Por todo eso y muchas cosas más -como reza el bolero-, Alfredo Pérez Rubalcaba ha sacado al dóberman de la perrera socialista, y no precisamente con el ánimo de que reparta lengüetazos. De ahí la toma ayer de la sede del Gobierno de la Región de Murcia y de la Consejería de Sanidad para buscar papeles con los que incriminar a un alcalde y a varios funcionarios presuntamente vinculados a una trama de corrupción urbanística. Rubalcaba no necesitaba que todo un convoy de agentes de la Guardia Civil viajara de Madrid a Murcia para entrar a saco en el Palacio de San Esteban o en el Departamento de Sanidad. Bastaba con que hubiera utilizado el procedimiento ordinario para estos casos, es decir, solicitar a Presidencia y a Sanidad la documentación que buscaban. Y punto. Pero no, se necesitaban unas cuantas alharacas, un poco de ruido, unos cuantos uniformes de color verde y los medios de comunicación apostados a las entradas y salidas de esas sedes gubernamentales. Posteriormente vendría el informativo de TVE, un poco de salsa con una noticia insustancial de Camps y la puesta en escena ya estaba completada. ¿Cuántas más escenitas de éstas nos esperan de aquí al 20-N?. Porque, digámoslo con claridad, hasta el fiscal jefe de Murcia, Manuel López Bernal, parece haberse sentido ofendido por el «puenteo» que le han hecho, aunque le avisaran con horas de antelación. Porque, digámoslo con claridad, esa operación a bombo y platillo se podría haber llevado a cabo en agosto, o en septiembre, no a un mes escaso de las elecciones generales.

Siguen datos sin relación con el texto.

(* Let $G\subset\mathrm{SU}(2)$ be a finite nontrivial subgroup, $H=P(G)$, and let $f$ be an $H$-invariant Morse–Smale function on $S^2$ whose critical set equals the fixed-point set $\mathrm{Fix}(H)=\{p\in S^2: |H_p|>1\}$. Let $\varepsilon>0$ be small, $p$ a critical point of $f$, and $\gamma_p$ the embedded Reeb orbit of $\lambda_\varepsilon$ over $p$ (namely $t\mapsto e^{it/(1+\varepsilon f(p))}z$, $t\in[0,2\pi(1+\varepsilon f(p))]$, $z\in\mathfrak{P}^{-1}(p)$). Then the multiplicity of the Reeb orbit $\pi_G\circ\gamma_p$ of $\lambda_{G,\varepsilon}$ is $2|H_p|$ if $|G|$ is even, and $|H_p|$ if $|G|$ is odd.
   Context: $S^3\subset\mathbb{C}^2$ with $\lambda=\frac12\sum(x_kdy_k-y_kdx_k)|_{S^3}$; $\mathfrak{P}:S^3\to S^2$ the Hopf fibration; $P:\mathrm{SU}(2)\to\mathrm{SO}(3)$ the standard double cover (kernel $\{\pm\mathrm{Id}\}$); $H$ acts on $S^2$ by rotations, $H_p$ is the isotropy subgroup of $p$. $\lambda_\varepsilon=((1+\varepsilon f)\circ\mathfrak{P})\lambda$; $\pi_G:S^3\to S^3/G$ the quotient; $\lambda_{G,\varepsilon}$ is the contact form on $S^3/G$ with $\pi_G^*\lambda_{G,\varepsilon}=\lambda_\varepsilon$ (well defined since $f$ is $H$-invariant). The multiplicity of a Reeb orbit is the integer $m$ such that it is the $m$-fold iterate of an embedded Reeb orbit. *)

From Stdlib Require Import Reals List Arith.
From Coquelicot Require Import Coquelicot.
Open Scope R_scope.

Definition C2 : Type := (C * C)%type.
Definition R3 : Type := (R * R * R)%type.

Definition cunit_sphere (z : C2) : Prop :=
  Cmod (fst z) ^ 2 + Cmod (snd z) ^ 2 = 1.

Definition dot3 (x y : R3) : R :=
  let '(x1, x2, x3) := x in let '(y1, y2, y3) := y in x1*y1 + x2*y2 + x3*y3.
Definition sphere2 (x : R3) : Prop := dot3 x x = 1.
Definition add3 (x y : R3) : R3 :=
  let '(x1, x2, x3) := x in let '(y1, y2, y3) := y in (x1+y1, x2+y2, x3+y3).
Definition scal3 (a : R) (x : R3) : R3 :=
  let '(x1, x2, x3) := x in (a*x1, a*x2, a*x3).

(** 2x2 complex matrices ((a, b), (c, d)) = [[a, b], [c, d]]. *)
Definition Mat2 : Type := ((C * C) * (C * C))%type.
Definition mat_id : Mat2 := ((RtoC 1, RtoC 0), (RtoC 0, RtoC 1)).
Definition mat_mul (M N : Mat2) : Mat2 :=
  let '((a, b), (c, d)) := M in let '((a', b'), (c', d')) := N in
  ((Cplus (Cmult a a') (Cmult b c'), Cplus (Cmult a b') (Cmult b d')),
   (Cplus (Cmult c a') (Cmult d c'), Cplus (Cmult c b') (Cmult d d'))).
Definition mat_adj (M : Mat2) : Mat2 :=
  let '((a, b), (c, d)) := M in ((Cconj a, Cconj c), (Cconj b, Cconj d)).
Definition mat_det (M : Mat2) : C :=
  let '((a, b), (c, d)) := M in Cminus (Cmult a d) (Cmult b c).
Definition mat_vec (M : Mat2) (z : C2) : C2 :=
  let '((a, b), (c, d)) := M in let '(z1, z2) := z in
  (Cplus (Cmult a z1) (Cmult b z2), Cplus (Cmult c z1) (Cmult d z2)).

Definition SU2 (g : Mat2) : Prop :=
  mat_mul (mat_adj g) g = mat_id /\ mat_det g = RtoC 1.

Definition card_is {T : Type} (A : T -> Prop) (n : nat) : Prop :=
  exists l : list T, NoDup l /\ (forall x, A x <-> In x l) /\ length l = n.

Definition finite_subgroup_SU2 (G : Mat2 -> Prop) : Prop :=
  (forall g, G g -> SU2 g) /\ G mat_id /\
  (forall g h, G g -> G h -> G (mat_mul g h)) /\
  (forall g, G g -> exists h, G h /\ mat_mul g h = mat_id) /\
  (exists n, card_is G n).

(** Identification R^3 = traceless Hermitian 2x2 matrices,
    x |-> [[x3, x1 - i x2], [x1 + i x2, -x3]]. *)
Definition herm (x : R3) : Mat2 :=
  let '(x1, x2, x3) := x in
  ((RtoC x3, (x1, - x2)), ((x1, x2), RtoC (- x3))).
Definition vec_of_herm (M : Mat2) : R3 :=
  let '((a, b), (c, d)) := M in (Re c, Im c, Re a).

(** The standard double cover P : SU(2) -> SO(3), P(g) x = g X g^*. *)
Definition P (g : Mat2) : R3 -> R3 :=
  fun x => vec_of_herm (mat_mul (mat_mul g (herm x)) (mat_adj g)).

(** Hopf fibration S^3 -> S^2, z |-> 2 z z^* - Id (as a traceless Hermitian
    matrix); it satisfies hopf (g z) = P g (hopf z). *)
Definition hopf (z : C2) : R3 :=
  let '(z1, z2) := z in
  let outer : Mat2 := ((Cmult z1 (Cconj z1), Cmult z1 (Cconj z2)),
                       (Cmult z2 (Cconj z1), Cmult z2 (Cconj z2))) in
  let '((a, b), (c, d)) := outer in
  vec_of_herm ((Cminus (Cmult (RtoC 2) a) (RtoC 1), Cmult (RtoC 2) b),
               (Cmult (RtoC 2) c, Cminus (Cmult (RtoC 2) d) (RtoC 1))).

(** Isotropy subgroup H_p of H = P(G) at p (elements are rotations). *)
Definition isotropy (G : Mat2 -> Prop) (p : R3) (r : R3 -> R3) : Prop :=
  exists g, G g /\ r = P g /\ r p = p.

Definition FixH (G : Mat2 -> Prop) (p : R3) : Prop :=
  sphere2 p /\ exists n, card_is (isotropy G p) n /\ (n > 1)%nat.

Definition sphere_critical (f : R3 -> R) (p : R3) : Prop :=
  sphere2 p /\
  forall v : R3, sphere2 v -> dot3 v p = 0 ->
    is_derive (fun t => f (add3 (scal3 (cos t) p) (scal3 (sin t) v))) 0 0.

Definition rotC2 (s : R) (z : C2) : C2 :=
  let '(z1, z2) := z in (Cmult (cos s, sin s) z1, Cmult (cos s, sin s) z2).

(** The quotient map pi_G : S^3 -> S^3/G, a point of S^3/G being a G-orbit. *)
Definition piG (G : Mat2 -> Prop) (z : C2) : C2 -> Prop :=
  fun w => exists g, G g /\ w = mat_vec g z.

(** The closed orbit (x, T) (x of period T) has multiplicity m: it is the
    m-fold iterate of the embedded closed orbit (x, T/m), i.e. T/m is a period
    of x and x is injective on [0, T/m). *)
Definition multiplicity {X : Type} (x : R -> X) (T : R) (m : nat) : Prop :=
  (m > 0)%nat /\
  (forall t, x (t + T / INR m) = x t) /\
  (forall s t, 0 <= s < T / INR m -> 0 <= t < T / INR m -> x s = x t -> s = t).

(* Let K be the set of g in G mapping the Hopf circle through z to itself.  K acts
   freely on that circle by rotations, so the angles t with e^{it} z in G z form a
   lattice (2 pi / N) Z: K is cyclic of order N, generated by the element of
   smallest positive angle, and the orbit t |-> [e^{it} z] in S^3/G first closes up
   at time 2 pi / N, i.e. it has multiplicity |K|.  The double cover P maps K onto
   H_p, and its kernel {1, -1} lies in K exactly when -1 lies in G (-1 acts as
   e^{i pi}).  Pairing g with g^{-1}, and since only 1 and -1 are self-inverse in
   SU(2), -1 lies in G iff |G| is even.  Hence |K| = 2 |H_p| or |H_p|.  The factor
   1 + eps f(p) only rescales time. *)
From Stdlib Require Import Reals List Arith.
From Stdlib Require Import Lra Lia ZArith.
From Stdlib Require Import Classical ClassicalEpsilon FunctionalExtensionality PropExtensionality.
From Coquelicot Require Import Coquelicot.
Open Scope R_scope.

(* [[a, b], [-conj b, conj a]] with a = a1 + i a2 and b = b1 + i b2. *)
Definition su2_mat (a1 a2 b1 b2 : R) : Mat2 :=
  (((a1, a2), (b1, b2)), ((- b1, b2), (a1, - a2))).

Definition mat_neg_id : Mat2 := ((RtoC (-1), RtoC 0), (RtoC 0, RtoC (-1))).

Definition mat_pow (g : Mat2) (n : nat) : Mat2 := Nat.iter n (mat_mul g) mat_id.

Definition sqnorm2 (w : C2) : R :=
  let '((x1, x2), (y1, y2)) := w in x1 * x1 + x2 * x2 + y1 * y1 + y2 * y2.

Ltac unfold_C2 :=
  unfold mat_vec, mat_mul, mat_adj, mat_det, mat_id, mat_neg_id, su2_mat, rotC2,
    P, herm, vec_of_herm, hopf, Cmult, Cplus, Cminus, Copp, Cconj, RtoC, Re, Im in *;
  simpl in *; cbn [fst snd] in *.

Ltac split_pairs := repeat (apply pair_equal_spec; split); cbn [fst snd].

Ltac destruct_pair_eqs :=
  repeat match goal with H : (_, _) = (_, _) |- _ => apply pair_equal_spec in H; destruct H end.

Lemma SU2_decomp g : SU2 g ->
  exists a1 a2 b1 b2, g = su2_mat a1 a2 b1 b2 /\ a1 * a1 + a2 * a2 + b1 * b1 + b2 * b2 = 1.
Proof.
  destruct g as [[a b] [c d]]. intros [Hu Hdet].
  unfold mat_mul, mat_adj, mat_det, mat_id in *.
  apply pair_equal_spec in Hu as [Hu1 _].
  apply pair_equal_spec in Hu1 as [e11 e12].
  assert (Hd : Cconj a = d).
  { apply Ceq_minus.
    transitivity (- (Cconj a) * (a * d - b * c - 1) + (Cconj a * a + Cconj c * c - 1) * d
                  - c * (Cconj a * b + Cconj c * d))%C; [ring|].
    rewrite Hdet, e11, e12. ring. }
  assert (Hc : Cconj c = Copp b).
  { apply Ceq_minus.
    transitivity (- (Cconj c) * (a * d - b * c - 1) + a * (Cconj a * b + Cconj c * d)
                  - b * (Cconj a * a + Cconj c * c - 1))%C; [ring|].
    rewrite Hdet, e11, e12. ring. }
  subst d. destruct a as [a1 a2], b as [b1 b2], c as [c1 c2].
  exists a1, a2, b1, b2. unfold_C2. destruct_pair_eqs.
  split; [split_pairs; lra | nra].
Qed.

Lemma mat_mul_assoc g h k : mat_mul (mat_mul g h) k = mat_mul g (mat_mul h k).
Proof.
  destruct g as [[[a1 a2] [b1 b2]] [[c1 c2] [d1 d2]]].
  destruct h as [[[e1 e2] [f1 f2]] [[g1 g2] [h1 h2]]].
  destruct k as [[[x1 x2] [y1 y2]] [[u1 u2] [v1 v2]]]. unfold_C2. split_pairs; ring.
Qed.

Lemma mat_mul_1l g : mat_mul mat_id g = g.
Proof. destruct g as [[[a1 a2] [b1 b2]] [[c1 c2] [d1 d2]]]. unfold_C2. split_pairs; ring. Qed.

Lemma mat_mul_1r g : mat_mul g mat_id = g.
Proof. destruct g as [[[a1 a2] [b1 b2]] [[c1 c2] [d1 d2]]]. unfold_C2. split_pairs; ring. Qed.

Lemma mat_adjK g : mat_adj (mat_adj g) = g.
Proof. destruct g as [[[a1 a2] [b1 b2]] [[c1 c2] [d1 d2]]]. unfold_C2. split_pairs; ring. Qed.

Lemma SU2_mul_adj_l g : SU2 g -> mat_mul (mat_adj g) g = mat_id.
Proof. intros [H _]. exact H. Qed.

Lemma SU2_mul_adj_r g : SU2 g -> mat_mul g (mat_adj g) = mat_id.
Proof.
  intro H. destruct (SU2_decomp g H) as (a1 & a2 & b1 & b2 & -> & N).
  unfold_C2. split_pairs; nra.
Qed.

Lemma SU2_adj_eq_self g : SU2 g -> mat_adj g = g -> g = mat_id \/ g = mat_neg_id.
Proof.
  intros H E. destruct (SU2_decomp g H) as (a1 & a2 & b1 & b2 & -> & N).
  unfold_C2. destruct_pair_eqs.
  assert (a2 = 0) by lra. assert (b1 = 0) by lra. assert (b2 = 0) by lra. subst.
  assert (Ha : (a1 - 1) * (a1 + 1) = 0) by lra.
  destruct (Rmult_integral _ _ Ha); [left | right]; split_pairs; lra.
Qed.

Lemma SU2_neg_id_mul_neq g : SU2 g -> mat_mul mat_neg_id g <> g.
Proof.
  intros H E. destruct (SU2_decomp g H) as (a1 & a2 & b1 & b2 & -> & N).
  unfold_C2. destruct_pair_eqs. nra.
Qed.

Lemma mat_vec_mul g h w : mat_vec (mat_mul g h) w = mat_vec g (mat_vec h w).
Proof.
  destruct g as [[[a1 a2] [b1 b2]] [[c1 c2] [d1 d2]]].
  destruct h as [[[e1 e2] [f1 f2]] [[g1 g2] [h1 h2]]].
  destruct w as [[x1 x2] [y1 y2]]. unfold_C2. split_pairs; ring.
Qed.

Lemma mat_vec_id w : mat_vec mat_id w = w.
Proof. destruct w as [[x1 x2] [y1 y2]]. unfold_C2. split_pairs; ring. Qed.

Lemma SU2_mat_vec_adj g w : SU2 g -> mat_vec (mat_adj g) (mat_vec g w) = w.
Proof. intro H. rewrite <- mat_vec_mul, SU2_mul_adj_l by exact H. apply mat_vec_id. Qed.

Lemma unit_sqnorm2 z : cunit_sphere z -> sqnorm2 z = 1.
Proof.
  destruct z as [[x1 x2] [y1 y2]]. unfold cunit_sphere, Cmod, sqnorm2. cbn [fst snd].
  rewrite !pow2_sqrt by nra. lra.
Qed.

Lemma SU2_sqnorm2 g w : SU2 g -> sqnorm2 (mat_vec g w) = sqnorm2 w.
Proof.
  intro H. destruct (SU2_decomp g H) as (a1 & a2 & b1 & b2 & -> & N).
  destruct w as [[x1 x2] [y1 y2]]. unfold sqnorm2. unfold_C2.
  transitivity ((a1 * a1 + a2 * a2 + b1 * b1 + b2 * b2)
                * (x1 * x1 + x2 * x2 + y1 * y1 + y2 * y2)); [ring|].
  rewrite N. ring.
Qed.

(* Each coordinate of g - h is a combination of the four real equations
   (g - h) z = 0 with the coordinates of z as coefficients. *)
Lemma SU2_action_free g h z :
  SU2 g -> SU2 h -> sqnorm2 z = 1 -> mat_vec g z = mat_vec h z -> g = h.
Proof.
  intros Hg Hh Nz E.
  destruct (SU2_decomp g Hg) as (a1 & a2 & b1 & b2 & -> & _).
  destruct (SU2_decomp h Hh) as (c1 & c2 & d1 & d2 & -> & _).
  destruct z as [[x1 x2] [y1 y2]]. unfold sqnorm2 in Nz. unfold_C2. destruct_pair_eqs.
  set (p1 := a1 - c1). set (p2 := a2 - c2). set (q1 := b1 - d1). set (q2 := b2 - d2).
  assert (F1 : p1 * x1 - p2 * x2 + q1 * y1 - q2 * y2 = 0) by (unfold p1, p2, q1, q2; lra).
  assert (F2 : p1 * x2 + p2 * x1 + q1 * y2 + q2 * y1 = 0) by (unfold p1, p2, q1, q2; lra).
  assert (F3 : - q1 * x1 - q2 * x2 + p1 * y1 + p2 * y2 = 0) by (unfold p1, p2, q1, q2; lra).
  assert (F4 : - q1 * x2 + q2 * x1 + p1 * y2 - p2 * y1 = 0) by (unfold p1, p2, q1, q2; lra).
  assert (Hp1 : p1 = 0).
  { transitivity (x1 * (p1 * x1 - p2 * x2 + q1 * y1 - q2 * y2)
      + x2 * (p1 * x2 + p2 * x1 + q1 * y2 + q2 * y1)
      + y1 * (- q1 * x1 - q2 * x2 + p1 * y1 + p2 * y2)
      + y2 * (- q1 * x2 + q2 * x1 + p1 * y2 - p2 * y1)); [|rewrite F1, F2, F3, F4; ring].
    transitivity (p1 * (x1 * x1 + x2 * x2 + y1 * y1 + y2 * y2)); [rewrite Nz|]; ring. }
  assert (Hp2 : p2 = 0).
  { transitivity (- x2 * (p1 * x1 - p2 * x2 + q1 * y1 - q2 * y2)
      + x1 * (p1 * x2 + p2 * x1 + q1 * y2 + q2 * y1)
      + y2 * (- q1 * x1 - q2 * x2 + p1 * y1 + p2 * y2)
      - y1 * (- q1 * x2 + q2 * x1 + p1 * y2 - p2 * y1)); [|rewrite F1, F2, F3, F4; ring].
    transitivity (p2 * (x1 * x1 + x2 * x2 + y1 * y1 + y2 * y2)); [rewrite Nz|]; ring. }
  assert (Hq1 : q1 = 0).
  { transitivity (y1 * (p1 * x1 - p2 * x2 + q1 * y1 - q2 * y2)
      + y2 * (p1 * x2 + p2 * x1 + q1 * y2 + q2 * y1)
      - x1 * (- q1 * x1 - q2 * x2 + p1 * y1 + p2 * y2)
      - x2 * (- q1 * x2 + q2 * x1 + p1 * y2 - p2 * y1)); [|rewrite F1, F2, F3, F4; ring].
    transitivity (q1 * (x1 * x1 + x2 * x2 + y1 * y1 + y2 * y2)); [rewrite Nz|]; ring. }
  assert (Hq2 : q2 = 0).
  { transitivity (- y2 * (p1 * x1 - p2 * x2 + q1 * y1 - q2 * y2)
      + y1 * (p1 * x2 + p2 * x1 + q1 * y2 + q2 * y1)
      - x2 * (- q1 * x1 - q2 * x2 + p1 * y1 + p2 * y2)
      + x1 * (- q1 * x2 + q2 * x1 + p1 * y2 - p2 * y1)); [|rewrite F1, F2, F3, F4; ring].
    transitivity (q2 * (x1 * x1 + x2 * x2 + y1 * y1 + y2 * y2)); [rewrite Nz|]; ring. }
  unfold p1, p2, q1, q2 in *. split_pairs; lra.
Qed.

Alfredo Pérez en estado puro. No hay más que ver con detenimiento la imagen de alegría que irradian los dos dirigentes socialistas (Rubalcaba-Chacón) en la fotografía que ilustra este texto. Será por aquello que dicen de que la familia que se pelea unida permanece unida hasta que se produce el asesinato. Y para ver las cosas desde todos los prismas y desde todas las aristas posibles no hay más que ver el sepulcral silencio que guardaron ayer los socialistas, tan habituados ellos a saltar a la yugular del adversario por un quítame aquí. Es más, no sólo silencio sepulcral, sino respeto a la presunción de inocencia. ¡Sin duda, les está pasando algo! ¿Bueno?, pero algo al fin y al cabo. Tal vez tenga que ver en ello que nadie de la administración regional esté involucrado en un asunto que sólo afecta a una trama de funcionarios y poco más.
Por lo que hace a la operación de la Guardia Civil nada que objetar. A la Justicia se le debe dejar hacer su trabajo, respetando todos los preceptos que marcan nuestras leyes, respetando la inocencia del acusado hasta que no se demuestre lo contrario, con el objetivo final, qué es lo que cuenta, de que se imparta justicia y se imponga el imperio de la ley. El resto son zarandajas, excusas de mal pagador o estar en campaña electoral, que es de lo que nos ha advertido Rubalcaba con esta operación de mascletá fallera.